Lena Graber is a national expert on the role of local police in immigration enforcement and the use of ICE detainers.  She has spent more than a decade supporting organizers and lawyers around the country to fight unfair and often illegal detention of immigrants, and to push for pro-immigrant local policies. Lena spearheads ILRC’s national work combatting immigration enforcement and providing comprehensive advocacy resources and trainings to the immigrant rights movement. In the last several years, Lena has written and consulted on local and state-wide sanctuary policies in dozens of states and trained hundreds of organizers and policymakers to better understand and dismantle the machinery of detention and deportation. Lena joined the ILRC in 2013, and she has co-authored several ILRC publications including Motions to Suppress: Protecting the Constitutional Rights of Immigrants in Removal Proceedings; FOIA Requests and Other Background Checks; DACA: The Essential Legal Guide; and Parole in Immigration Law.

Prior to the ILRC, Lena was a Soros Justice Fellow at the National Immigration Project of the National Lawyers Guild, where she supported campaigns against local law enforcement involvement in deportations and litigated ICE detainer issues in federal courts. She also worked at the National Immigration Forum doing federal advocacy on immigrant rights and border policy.

Lena graduated with honors from the George Washington University Law School, where she served on the journal for International Law in Domestic Courts. She earned her B.A. in history from Wesleyan University. Lena is a member of the California bar and she speaks Spanish.

Alison Kamhi

Alison Kamhi is the Legal Program Director based in San Francisco. Alison is a dedicated immigrant advocate who brings significant experience in immigration law to the ILRC. Alison leads the ILRC's Immigrant Survivors Team and conducts frequent in-person and webinar trainings on naturalization and citizenship, family-based immigration, U visas, and FOIA requests. She also provides technical assistance through the ILRC’s Attorney of the Day program on a wide range of immigration issues, including immigration options for youth, consequences of criminal convictions for immigration purposes, removal defense strategy, and eligibility for immigration relief, including family-based immigration, U visas, VAWA, DACA, cancellation of removal, asylum, and naturalization. 

She has co-authored a number of publications, including The U Visa: Obtaining Status for Immigrant Victims of Crimes (ILRC); FOIA Requests and Other Background Checks (ILRC)Naturalization and U.S. Citizenship (ILRC); Hardship in Immigration Law (ILRC)Parole in Immigration Law (ILRC); Special Immigrant Juvenile Status and Other Immigration Options for Children and Youth (ILRC)A Guide for Immigrant Advocates (ILRC); and Most In Need But Least Served: Legal and Practical Barriers to Special Immigrant Juvenile Status for Federally Detained Minors, 50 Fam. Ct. Rev. 4 (2012).

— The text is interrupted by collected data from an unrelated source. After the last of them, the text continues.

Lemma off_entry s n u v : 0 < n -> u < 5 * n + 1 -> v < 5 * n + 1 -> u != v ->
  exists k j, [/\ k < n, j < 6, v = hexpos s k j & j != entry s (hex_of u) (pos_of u) k].
Proof.
move=> n_gt0 lt_u lt_v u_neq_v.
have lt_un := hex_of_lt n_gt0 lt_u; have lt_vn := hex_of_lt n_gt0 lt_v.
have lt_q6 : pos_of v < 6 by have := pos_of_le5 v; lia.
have v_coord := esym (hexpos_of s v).
case: (ltngtP (hex_of u) (hex_of v)) => [lt_uv | lt_vu | eq_uv].
- exists (hex_of v), (pos_of v); split=> //; rewrite /entry lt_uv -lt0n.
  exact/pos_of_gt0/(leq_ltn_trans _ lt_uv).
- case: (eqVneq (pos_of v) (cut_pos s (hex_of v))) => [at_cut | off_cut]; last first.
    by exists (hex_of v), (pos_of v); split=> //; rewrite /entry ltnNge ltnW //= (gtn_eqF lt_vu).
  exists (hex_of v).+1, 0; split; [lia | done | by rewrite hexpos_cut -at_cut |].
  rewrite /entry ltnNge lt_vu /=; case: (eqVneq (hex_of u) (hex_of v).+1) => [eq_u | _].
    by rewrite eq_sym -lt0n; apply: pos_of_gt0; lia.
  by rewrite eq_sym -lt0n (cut_pos_gt0 s (ltn0Sn _)).
- exists (hex_of v), (pos_of v); split=> //; rewrite /entry eq_uv ltnn eqxx.
  apply: contra u_neq_v => /eqP eq_pos.
  by rewrite -(hexpos_of s u) -(hexpos_of s v) eq_uv eq_pos.
Qed.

Alison facilitates the eight member Collaborative Resources for Immigrant Services on the Peninsula (CRISP) collaborative in San Mateo County to provide immigration services to low-income immigrants in Silicon Valley. 

Prior to the ILRC, Alison worked as a Clinical Teaching Fellow at the Stanford Law School Immigrants' Rights Clinic, where she supervised removal defense cases and immigrants' rights advocacy projects. Before Stanford, she represented abandoned and abused immigrant youth as a Skadden Fellow at Bay Area Legal Aid and at Catholic Charities Community Services in New York. While in law school, Alison worked at the United Nations High Commissioner for Refugees (UNHCR), the ACLU Immigrants' Rights Project, and Greater Boston Legal Services Immigration Unit. After law school, she clerked for the Honorable Julia Gibbons in the U.S. Court of Appeals for the Sixth Circuit.

Alison received her J.D. from Harvard Law School and her B.A. from Stanford University. Alison is admitted to the bar in California and New York. She speaks German and Spanish.